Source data
· · · · ·

(* Among the $q-1$ $T$-sls-pencils there is exactly one Type-II-$T$-sls-pencil and there are $q-2$ Type-III-$T$-sls-pencils. Moreover: (1) if $q$ is even, the Type-II-$T$-sls-pencil meets the line $m_T$ in a Type-II-$T$-sls, and each Type-III-$T$-sls-pencil meets $m_T$ in a Type-III-$T$-sls; (2) if $q$ is odd, the Type-II-$T$-sls-pencil meets $m_T$ in a Type-III-$T$-sls, one Type-III-$T$-sls-pencil meets $m_T$ in a Type-II-$T$-sls, and the remaining $q-3$ Type-III-$T$-sls-pencils meet $m_T$ in Type-III-$T$-slses.
   Context: Let $q$ be a prime power, $\mathbb{F}_{q^3}^*=\mathbb{F}_{q^3}\setminus\{0\}$. Points of $\mathrm{PG}(2,q^3)$ have homogeneous coordinates $(x,y,z)$ and lines $[a,b,c]$. Let $\phi$ be the collineation $(x,y,z)\mapsto(z^q,x^q,y^q)$, acting on lines by $[d,e,f]\mapsto[f^q,d^q,e^q]$; its fixed points form the subplane $\mathcal P_{2,q}=\{(x,x^q,x^{q^2}):x\in\mathbb{F}_{q^3}^*\}$. A point has Type I, II or III according as its $\phi$-orbit is one point, three collinear points, or three non-collinear points; a line has Type I, II or III according as its $\phi$-orbit is one line, three concurrent lines, or three non-concurrent lines. Let $T=(0,0,1)$, $T^\phi=(1,0,0)$, $T^{\phi^2}=(0,1,0)$ and $m_T=T^\phi T^{\phi^2}$ the line $[0,0,1]$. Let $\mathsf S_T=\{\psi_t:t\in\mathbb{F}_{q^3}^*\}$ where $\psi_t:(x,y,z)\mapsto(tx,t^qy,t^{q^2}z)$. A $T$-sls is a point orbit of $\mathsf S_T$ of size $q^2+q+1$ contained in $m_T$ (there are $q-1$ of them, namely the sets $\{(x\theta,x^q,0):x\in\mathbb{F}_{q^3}^*\}$, $\theta\in\mathbb{F}_{q^3}^*$); it is Type-X if all its points have Type X. For a $T$-sls $\mathcal S$, the pencil $T\mathcal S=\{TX:X\in\mathcal S\}$ is a $T$-sls-pencil (it meets $m_T$ in $\mathcal S$); it is called Type-X if all its lines have Type X. *)

From mathcomp Require Import all_boot all_order all_algebra all_field.
Set Implicit Arguments. Unset Strict Implicit. Unset Printing Implicit Defensive.
Import GRing.Theory.
Local Open Scope ring_scope.

Section PG.
Variable F : finFieldType.

(* homogeneous coordinate vectors (x,y,z) = ((x,y),z) *)
Definition vec := (F * F * F)%type.
Definition vzero : vec := (0, 0, 0).

Definition scalev (a : F) (v : vec) : vec := (a * v.1.1, a * v.1.2, a * v.2).

(* the projective point (or line) with coordinate vector v: the set of all
   nonzero scalar multiples of v *)
Definition pt (v : vec) : {set vec} := [set scalev a v | a : F & a != 0].

Definition is_pt (P : {set vec}) : bool :=
  [exists v : vec, (v != vzero) && (P == pt v)].
Definition is_line := is_pt.

Definition dot (v w : vec) : F := v.1.1 * w.1.1 + v.1.2 * w.1.2 + v.2 * w.2.

Definition incident (P L : {set vec}) : bool :=
  [exists v in P, exists w in L, dot v w == 0].

(* the collineation phi : (x,y,z) |-> (z^q, x^q, y^q); on lines the same
   formula [d,e,f] |-> [f^q, d^q, e^q] *)
Definition phiv (q : nat) (v : vec) : vec := (v.2 ^+ q, v.1.1 ^+ q, v.1.2 ^+ q).
Definition phis (q : nat) (P : {set vec}) : {set vec} := [set phiv q v | v in P].

(* phi-orbit (phi^3 = id on PG(2,q^3)) *)
Definition phi_orbit (q : nat) (P : {set vec}) : {set {set vec}} :=
  [set P; phis q P; phis q (phis q P)].

Definition collinear3 (P Q R : {set vec}) : bool :=
  [exists L : {set vec}, [&& is_line L, incident P L, incident Q L & incident R L]].
Definition concurrent3 (L M N : {set vec}) : bool :=
  [exists P : {set vec}, [&& is_pt P, incident P L, incident P M & incident P N]].

Definition typeI_pt q P := #|phi_orbit q P| == 1%N.
Definition typeII_pt q P :=
  (#|phi_orbit q P| == 3%N) && collinear3 P (phis q P) (phis q (phis q P)).
Definition typeIII_pt q P :=
  (#|phi_orbit q P| == 3%N) && ~~ collinear3 P (phis q P) (phis q (phis q P)).

Definition typeI_line q L := #|phi_orbit q L| == 1%N.
Definition typeII_line q L :=
  (#|phi_orbit q L| == 3%N) && concurrent3 L (phis q L) (phis q (phis q L)).
Definition typeIII_line q L :=
  (#|phi_orbit q L| == 3%N) && ~~ concurrent3 L (phis q L) (phis q (phis q L)).

Definition T : {set vec} := pt (0, 0, 1).
Definition mT : {set vec} := pt (0, 0, 1).        (* line [0,0,1] = T^phi T^phi^2 *)

Definition psiv (q : nat) (t : F) (v : vec) : vec :=
  (t * v.1.1, t ^+ q * v.1.2, t ^+ (q ^ 2) * v.2).
Lemma exchange_abelian L X : adapted L -> X \in L -> abelian X ->
  exists2 Y, Y \in K & replaceable (gen_by (L :\ X)) X Y.
Proof.
move=> adL XL abX; set R := gen_by (L :\ X).
have [[cK gK _] _] := frK; have [cL gL abL _] := adL; have [oX _] := abL X XL abX.
have defXR : X \* R = P := adapted_cprod adL XL.
have [_ eXR _] := cprodP defXR.
have sRP : R \subset P by rewrite -eXR mulG_subr.
have sP'R : P^`(1) \subset R.
  have /cprodP[_ <- _] := der_cprod 1 defXR.
  by rewrite (derG1P abX) mul1g der_sub.
have sXZ : X \subset 'Z(P) by rewrite -gL abelian_member_center.
have XnR : ~~ (X \subset R) := adapted_not_sub adL XL.
have [Y YK nZYR] : exists2 Y, Y \in K & ~~ ('Z(Y) \subset R).
  apply/exists_inP; rewrite -negb_forall_in; apply: contra XnR => /forall_inP sZR.
  by rewrite (subset_trans sXZ) // -gK center_gen_by_sub.
have sYP : Y \subset P by rewrite -gK sub_gen_by.
have abY : abelian Y.
  apply: contraR nZYR => nabY.
  apply: subset_trans (subset_trans (dergS 1 sYP) sP'R).
  exact: fully_refined_nonabelian_center frK YK nabY.
have oY : #|Y| = p := fully_refined_abelian_card frK YK abY.
have sYZ : Y \subset 'Z(P) by rewrite -gK abelian_member_center.
have cRY : R \subset 'C(Y) by rewrite centsC (subset_trans sYZ) ?center_cent_sub.
have YnR : ~~ (Y \subset R) by rewrite -(center_idP abY).
have tiYR : Y :&: R = 1 by apply: prime_TIg; rewrite ?oY.
have tiXR : X :&: R = 1 by apply: prime_TIg; rewrite ?oX.
exists Y => //; split.
  rewrite cprodE //; apply/eqP; rewrite eqEcard mul_subG //=.
  by rewrite -{1}eXR !TI_cardMg // oX oY.
have /isogP[f injf fY] : Y \isog X.
  by rewrite isog_cyclic_card ?prime_cyclic ?oY ?oX ?eqxx.
by exists f => // y; rewrite tiYR => /set1P ->; rewrite morph1.
Qed.

Lemma mul_center_proj X Y : X \subset P -> Y \subset P ->
  'Z(X) \subset X^`(1) -> X * 'Z(P) = Y * 'Z(P) ->
  exists2 f : {morphism Y >-> gT}, f @* Y = X & {in Y :&: X, forall y, f y = y}.
Proof.
move=> sXP sYP sZX' eXY; have eX'Y' := der_mul_center sXP sYP eXY.
have sX'Z : X^`(1) \subset 'Z(P) := subset_trans (dergS 1 sXP) sP'Z.
have abZ : p.-abelem 'Z(P).
  by rewrite abelemE // center_abelian exponent_sub_p ?center_sub.
have [W /complP[tiX'W defZ]] := splitsP (abelem_splits abZ sX'Z).
have sWZ : W \subset 'Z(P) by rewrite -defZ mulG_subr.
have cXW : W \subset 'C(X) := subset_trans sWZ (center_cent_sub sXP).
have mulZW (A : {group gT}) : X^`(1) \subset A -> A * 'Z(P) = A * W.
  by move=> sX'A; rewrite -defZ mulgA (mulGSid sX'A).
have tiXW : X :&: W = 1.
  apply/trivgP; rewrite -tiX'W subsetI subsetIr andbT (subset_trans _ sZX') //.
  by rewrite subsetI subsetIl (subset_trans (subsetIr _ _)).
apply: dprod_proj_onto cXW tiXW _ _.
  by rewrite -mulZW ?der_sub // eXY mulG_subl.
by rewrite -mulZW ?eX'Y' ?der_sub // -eXY mulG_subl.
Qed.
(** Write [lift f := b . Mf] for [f : Y -> C].  The heart of the proof is a
   unique-solution theorem for "doubly M-guarded" flat equations: every
   [d : V -> HMMV] has a unique [v : V -> C] with [c . v = H(lift (lift v)) . d].
   It is obtained by spreading [d] into the graded system
   [δ_n : M^n V -> H M^(n+2) V] ([δ_0 = d], [δ_(n+1) = λ . Mδ_n]); graded systems
   indexed by a set have unique solutions because the coproduct of their
   components (which exists as [A] is cocomplete) carries a coalgebra whose
   unique morphism into [C] restricts to the solution.  Solutions of the graded
   system are exactly the families [lift^n v] with [v] as above, since [lift]
   carries solutions of one level to solutions of the next.

   Finally an equation [e : X -> MHMX + C] is translated into the flat equation
   [X + C -> HMM(X + C)] whose [C]-part re-enters [c] along [η . η]; its unique
   solution restricts to the identity on [C] and to the unique solution of [e]
   on [X]. *)

Lemma section_monic {A : Category} {a b : A} {m : hom a b} {r : hom b a} :
  r ∘ m = idm a -> forall (x : A) (f g : hom x a), m ∘ f = m ∘ g -> f = g.
Proof.
  intros Hr x f g E.
  rewrite <- (comp_id_l f), <- (comp_id_l g), <- Hr, <- !comp_assoc, E.
  reflexivity.
Qed.

Section BinaryCoproducts.
Context {A : Category} (cp : HasCoproducts A).

Lemma coprod_ext (a b x : A) (f g : hom (coprod cp a b) x) :
  f ∘ cinl cp = g ∘ cinl cp -> f ∘ cinr cp = g ∘ cinr cp -> f = g.
Proof.
  intros El Er.
  rewrite (@copair_unique A cp a b x (f ∘ cinl cp) (f ∘ cinr cp) f eq_refl eq_refl).
  symmetry; apply copair_unique; symmetry; assumption.
Qed.

Lemma comp_copair (a b x y : A) (f : hom a x) (g : hom b x) (m : hom x y) :
  m ∘ copair cp f g = copair cp (m ∘ f) (m ∘ g).
Proof.
  apply copair_unique; rewrite <- comp_assoc;
    [rewrite copair_inl | rewrite copair_inr]; reflexivity.
Qed.

Lemma copair_coprod_map (a b a' b' x : A) (f : hom a' x) (g : hom b' x)
  (h : hom a a') (i : hom b b') :
  copair cp f g ∘ coprod_map cp h i = copair cp (f ∘ h) (g ∘ i).
Proof.
  unfold coprod_map.
  rewrite comp_copair, !comp_assoc, copair_inl, copair_inr.
  reflexivity.
Qed.

End BinaryCoproducts.

Definition discrete_hom (I : Set) (i j : I) : Set := {_ : unit | i = j}.

Definition discrete (I : Set) : SmallCategory.
Proof.
  refine {| sobj := I; shom := discrete_hom I;
            sid := fun i => exist _ tt eq_refl;
            scomp := fun i j k f g =>
              exist _ tt (eq_trans (proj2_sig g) (proj2_sig f)) |}.
  - intros i j [[] p]; destruct p; reflexivity.
  - intros i j [[] p]; destruct p; reflexivity.
  - intros i j k l [[] p] [[] q] [[] r]; destruct p, q, r; reflexivity.
Defined.

Definition discrete_diagram (A : Category) (I : Set) (Y : I -> A)
  : Diagram (discrete I) A.
Proof.
  refine (@Build_Diagram (discrete I) A Y
    (fun i j (f : discrete_hom I i j) =>
       match proj2_sig f in _ = j' return hom (Y i) (Y j') with
       | eq_refl => idm (Y i)
       end) _ _).
  - reflexivity.
  - intros i j k [[] p] [[] q]; destruct p, q; simpl.
    symmetry; apply comp_id_l.
Defined.
Arguments discrete_diagram {A I} Y.

Definition is_coproduct (A : Category) (I : Set) (Y : I -> A) (Z : A)
  (iota : forall i, hom (Y i) Z) : Prop :=
  forall (X : A) (tau : forall i, hom (Y i) X),
    exists! u : hom Z X, forall i, u ∘ iota i = tau i.
Arguments is_coproduct {A I} Y {Z} iota.

(** A coproduct is the colimit of the discrete diagram, every cocone over
    which is just a family of morphisms. *)
Lemma cocomplete_coproduct {A : Category} (Hcoc : cocomplete A)
  {I : Set} (Y : I -> A) :
  exists (Z : A) (iota : forall i, hom (Y i) Z), is_coproduct Y iota.
Proof.
  destruct (Hcoc (discrete I) (discrete_diagram Y)) as [Z [iota [_ Huniv]]].
  exists Z, iota. intros X tau. apply Huniv.
  intros i j [[] p]; destruct p; simpl. apply comp_id_r.
Qed.

(** ** Graded systems over a terminal coalgebra *)

Section GradedSystems.
Context {A : Category} (H : Functor A A) {C : A} (c : hom C (H C)).
Hypothesis Hterm : is_terminal_coalgebra H c.

Lemma terminal_endo_id (f : hom C C) : c ∘ f = fmap H f ∘ c -> f = idm C.
Proof.
  intro Ef. destruct (Hterm C c) as [h [_ Huniq]].
  rewrite <- (Huniq f Ef). apply Huniq.
  rewrite fmap_id, comp_id_l, comp_id_r. reflexivity.
Qed.

Definition solves {I : Set} (tau : I -> I) (Y : I -> A)
  (d : forall i, hom (Y i) (H (Y (tau i)))) (u : forall i, hom (Y i) C) : Prop :=
  forall i, c ∘ u i = fmap H (u (tau i)) ∘ d i.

· · · · ·

# [YOUR TASK]
Each line above that contains the string "reflexivity" counts once; give the number of such lines and nothing more.

# [THE COMPLETED TASK]
8